中共的對漢族的逆向歧視政策和對少數族群的“兩少一寬”早已臭不可聞,沒有誰不要求法律面前各族平等。可是,在社會經濟方面,少數民族地區、尤其是維族貧困地區,是否應當享受一些優待呢?

適當扶植貧困地區幫助其脫貧,是政府的一項基本職能,哪個國家都一樣。單看這一點,新疆的貧困地區和全國各地的漢族貧困地區同樣需要扶植。可是維族和漢族相比的一個巨大區別在於語言文化:漢語是中國的官方語言和中國經濟最主要的工作語言,漢文化是中國的主體文化,也就是說漢人和維人在語言文化上的出發點是不平等的,漢人有先天的優勢。雖然在新疆維族聚居區維語是主流語言,但在全國範圍內,甚至只考慮新疆的現代工礦企業,漢語則是絕對的主流,維族的母語不是漢語。中共畸形的“民族政策”導致維族聚居區普遍實行維語教學而忽視漢語,許多維族青年缺乏漢語能力,在大範圍的就業市場上處於絕對劣勢,這就是兩族語言的不平等了。當然,絕對的平等不可能實現,中共和美國左派推行升學錄用方面的優惠政策也是典型的反面教員(少數族群某些個體從中受益,整個族群依舊窮困)。完全無視語言文化上的不平等或片面強調維語在維族地區的地位也不是辦法,只會使維族地區更加邊緣化,加劇維人對漢人的不滿,給分離主義火上澆油。基於漢語在中國的主導地位這一現實,在不壓制維族語言文化的前提下強化維族地區的漢維雙語教學,是很有必要的。雖然單獨依靠漢語能力並不足以幫助維族貧困地區脫貧,但在中國的大環境下維族沒有漢語能力而脫貧簡直是不可想象的。

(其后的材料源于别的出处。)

(* Let $X$ be a finite set with $|X|\ge 3$, let $T=(V,E)\in B(X)$, let $\mathcal T$ and $\mathcal T'$ be triplet covers of $T$, and let $x\in X$. Then: (P1) for every $v\in\mathring V$, $0\le\deg_{\mathcal T}(v)\le 3$, and $1\le\deg_{\mathcal T}(x)\le|X|-2$; (P2) if $\mathcal T'\subseteq\mathcal T$ then $E(\mathcal T)\subseteq E(\mathcal T')$; in particular, if $\deg_{\mathcal T'}(x)=1$ then $\deg_{\mathcal T}(x)=1$; (P3) if $\mathcal T$ is a minimal triplet cover for $T$, then for every $ab\in\mathcal T$ there is some $v\in\mathring V$ such that $a,v,b$ is a path in $G(\mathcal T)$; (P4) if $v$ is the vertex adjacent to $x$ in $T$, then $\{v,x\}\in E(\mathcal T)$; furthermore $\deg_{\mathcal T}(x)=1$ if and only if $\{v,x\}$ is the only edge of $G(\mathcal T)$ containing $x$; (P5) if $|X|\ge 4$, then $\deg_{\mathcal T}(x)=1$ if and only if $\mathcal T^{-x}$ is a triplet cover of $T-x$; (P6) if $\deg_{\mathcal T}(x)=1$ then $|\mathcal T|\ge|\mathcal T^{-x}|+2$.
   Context: A binary phylogenetic $X$-tree is an unrooted tree $T=(V,E)$ whose leaf set is $X$ and all of whose non-leaf vertices are unlabelled of degree three; $B(X)$ is the set of such trees; $\mathring V$ is the set of interior vertices. Pairs in $\binom{X}{2}$ are written $ab$, triples $abc$. Given $\mathcal T\subseteq\binom{X}{2}$, a triple $abc$ supports $v\in\mathring V$ if $a,b,c$ lie one in each of the three connected components of $T$ with $v$ and its incident edges removed and $ab,ac,bc\in\mathcal T$; $S_v(\mathcal T)$ is the set of triples supporting $v$. $\mathcal T$ is a triplet cover for $T$ if $S_v(\mathcal T)\ne\emptyset$ for all $v\in\mathring V$; it is minimal if $\mathcal T-\{ab\}$ is not a triplet cover for $T$ for any $ab\in\mathcal T$. The support graph $G(\mathcal T)$ is the bipartite graph with vertex set $X\amalg\mathring V$ and edge set $E(\mathcal T)$, where $\{x,v\}\in E(\mathcal T)$ ($x\in X$, $v\in\mathring V$) iff $x\in A$ for all $A\in S_v(\mathcal T)$; $\deg_{\mathcal T}(p)$ denotes the degree of a vertex $p$ in $G(\mathcal T)$. For $x\in X$, $\mathcal T^{-x}$ is obtained from $\mathcal T$ by removing all pairs containing $x$. For $|X|\ge 4$, $T-x$ is the tree in $B(X-\{x\})$ obtained from $T$ by deleting leaf $x$ and its incident edge and suppressing the resulting degree-2 vertex. *)

From mathcomp Require Import all_boot.
Set Implicit Arguments. Unset Strict Implicit. Unset Printing Implicit Defensive.

(* A phylogenetic tree is a
   vertex set W : {set V} together with an adjacency relation adj (only its
   restriction to W matters); the leaf set X : {set V} is a subset of W, i.e.
   leaves are identified with their labels.  Unordered pairs ab are the
   2-element sets [set a; b], triples abc the 3-element sets [set a; b; c]. *)

Section Phylo.
Variable V : finType.
Implicit Types (W X : {set V}) (adj : rel V) (P : {set {set V}}).

Definition rW W adj : rel V := fun p q => [&& p \in W, q \in W & adj p q].

Definition tdeg W adj v : nat := #|[set w in W | adj v w]|.

Definition is_tree W adj : Prop :=
  (forall u w, u \in W -> w \in W -> adj u w = adj w u) /\
  (forall u, u \in W -> ~~ adj u u) /\
  (forall u w, u \in W -> w \in W -> connect (rW W adj) u w) /\
  (forall s : seq V, {subset s <= W} -> uniq s -> 3 <= size s ->
       ~~ cycle (rW W adj) s).

Definition binary_phylo W adj X : Prop :=
  is_tree W adj /\ X \subset W /\
  (forall v, v \in W -> tdeg W adj v = (if v \in X then 1 else 3)).

Definition interior W X : {set V} := W :\: X.

Definition separated W adj v a b : bool := ~~ connect (rW (W :\ v) adj) a b.

Definition supports W adj X P v (A : {set V}) : bool :=
  [exists a, exists b, exists c,
    [&& A == [set a; b; c], a \in X, b \in X, c \in X,
        separated W adj v a b, separated W adj v a c, separated W adj v b c,
        [set a; b] \in P, [set a; c] \in P & [set b; c] \in P]].

Definition Sv W adj X P v : {set {set V}} := [set A | supports W adj X P v A].

Definition pairs_on X P : bool := [forall A in P, (A \subset X) && (#|A| == 2)].

Definition triplet_cover W adj X P : Prop :=
  pairs_on X P /\ (forall v, v \in interior W X -> Sv W adj X P v != set0).

Definition minimal_triplet_cover W adj X P : Prop :=
  triplet_cover W adj X P /\
  (forall A, A \in P -> ~ triplet_cover W adj X (P :\ A)).

Definition sg_edge W adj X P x v : bool :=
  [&& x \in X, v \in interior W X & [forall A in Sv W adj X P v, x \in A]].

(* E(P), edges {x,v} represented as ordered pairs (x, v) *)
Definition sg_edges W adj X P : {set V * V} :=
  [set e | sg_edge W adj X P e.1 e.2].

Definition degG W adj X P p : nat :=
  #|[set q | sg_edge W adj X P p q || sg_edge W adj X P q p]|.

Definition minus_pairs P x : {set {set V}} := [set A in P | x \notin A].

(* T - x : delete leaf x and its edge, suppress the resulting degree-2
   vertex u (the neighbour of x) by joining its two remaining neighbours *)
Definition leaf_nbr W adj x : V := odflt x [pick w in W | adj x w].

本質上講,讓維族人學習漢語仍然是不平等的(漢人不必學習維語),但這樣做的目的不在於片面追求平等,而是在於促進維族地區的經濟發展,增強維族人在全國範圍內的平等就業市場上的競爭力。單獨從這個角度來看,維族學習漢語就好比漢族學習英語。但是這個類比在政治角度上並不恰當,因為英語在中國不具有政治內涵。

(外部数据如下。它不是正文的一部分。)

Lemma iterz_neq0 k c : c != 0 -> iterz k c != 0.
Proof.
move=> c0; apply: contraNneq c0 => kc0.
by rewrite -[c]/(iterz 0 c) -(addNr k) iterzD kc0 (ring_hom0 (iterz_hom _)).
Qed.

End IntegerIterates.

(** * Twisted shift operators *)

(* The operators [f |-> (x |-> \sum_i sa_weight x c_i * f (sa_act x k_i))] on
   [sa_point A -> D] compose like the elements [\sum_i c_i t^k_i] of the skew
   monoid ring with [t^k c = sa_twist k c t^k]: this realises skew polynomial
   and skew Laurent rings without constructing them as quotients. *)
Record skew_action (D : pzRingType) := SkewAction {
  sa_point : Type;
  sa_shift : Type;
  sa_act : sa_point -> sa_shift -> sa_point;
  sa_add : sa_shift -> sa_shift -> sa_shift;
  sa_zero : sa_shift;
  sa_weight : sa_point -> D -> D;
  sa_twist : sa_shift -> D -> D;
  sa_act0 : forall x, sa_act x sa_zero = x;
  sa_actD : forall x k l, sa_act (sa_act x k) l = sa_act x (sa_add k l);
  sa_weight_hom : forall x, ring_hom (sa_weight x);
  sa_weight_act : forall x k c, sa_weight (sa_act x k) c = sa_weight x (sa_twist k c) }.

Section SkewOperators.
Variables (D : pzRingType) (A : skew_action D).
Local Notation X := (sa_point A).
Local Notation K := (sa_shift A).

Definition is_skew_op (u : (X -> D) -> X -> D) : Prop :=
  exists L : seq (D * K),
    forall f x, u f x = \sum_(y <- L) sa_weight x y.1 * f (sa_act x y.2).

Lemma is_skew_op0 : is_skew_op (fun _ _ => 0).
Proof. by exists [::] => f x; rewrite big_nil. Qed.

Lemma is_skew_op1 : is_skew_op id.
Proof.
exists [:: (1, sa_zero A)] => f x.
by rewrite big_seq1 /= (ring_hom1 (sa_weight_hom x)) mul1r sa_act0.
Qed.

Lemma is_skew_opD u v :
  is_skew_op u -> is_skew_op v -> is_skew_op (fun f x => u f x + v f x).
Proof. by move=> [L uL] [M vM]; exists (L ++ M) => f x; rewrite big_cat uL vM. Qed.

印度和斯里蘭卡的族群問題可以作為參照。印度是正面的例子,族群搆成遠比中國複雜,還夾帶宗教、種姓矛盾,偶有衝突(比如二十多年前錫克教的旁遮普邦獨立運動)但總體來講問題不大。印度的官方語言是印地語和英語,來自殖民遺產的英語其實是維持印度統一的紐帶,印度各個族群相對於英語而言都是平等的,少數族群不會講印地語也無妨,只要會講英語就可以了。斯里蘭卡則相反,殖民時期通用英語,少數族群泰米爾人不受歧視而且在商業和民政方面做得很成功;自治、獨立後多數族群僧伽羅人一直掌握政權,僧伽羅語成為唯一的官方語言,許多泰米爾族的公務員就因為不懂僧伽羅語而丟掉了工作(據說泰米爾人在斯里蘭卡好比華人在東南亞、猶太人在歐洲,僧伽羅人一直嫉妒之,一旦掌權就打擊報復)。幾十年來僧伽羅人一直奉行對泰米爾人的歧視政策,可以說斯里蘭卡的民主制度是典型的“多數人的暴政”(無獨有偶,左派在斯里蘭卡長期執政,歧視泰米爾人的政策由左派發起、推行,左派和法西斯的淵源又多了個實例──左派或許會提倡優待弱勢少數族群以沽名釣譽、滿足虛榮心,強勢少數族群則是左派的眼中釘)。

這兩個國家的國情和中國很不一樣,但是借鑒價值總還是有的。做一個有些牽強的類比:有清一代漢地十八省和新疆都是滿清的殖民地,但文化落後的滿清統治者普遍使用漢語並逐步漢化,滿語的官方語言地位自清初就名存實亡,所以那時漢語之於中國好比英語之於印度,漢人受壓迫的同時好歹還有這一點優勢,維族則全面弱勢。五族共和(其“回”即包括維族)的民國取代滿清,清室退位詔書在法理上確定中華民國作為大清國的合法繼承國,承襲前清所有領土(“將統治權公諸全國,定為立憲共和國體……仍合滿、蒙、漢、回、藏五族完全領土為一大中華民國”),超出了革命黨光復漢地十八省的目標。維族繼續弱勢,心有不甘,在蘇聯煽動下鬧過叛亂,殺過漢人;中共入新疆,漢人為主的共軍又殺維人。冤冤相報何時休!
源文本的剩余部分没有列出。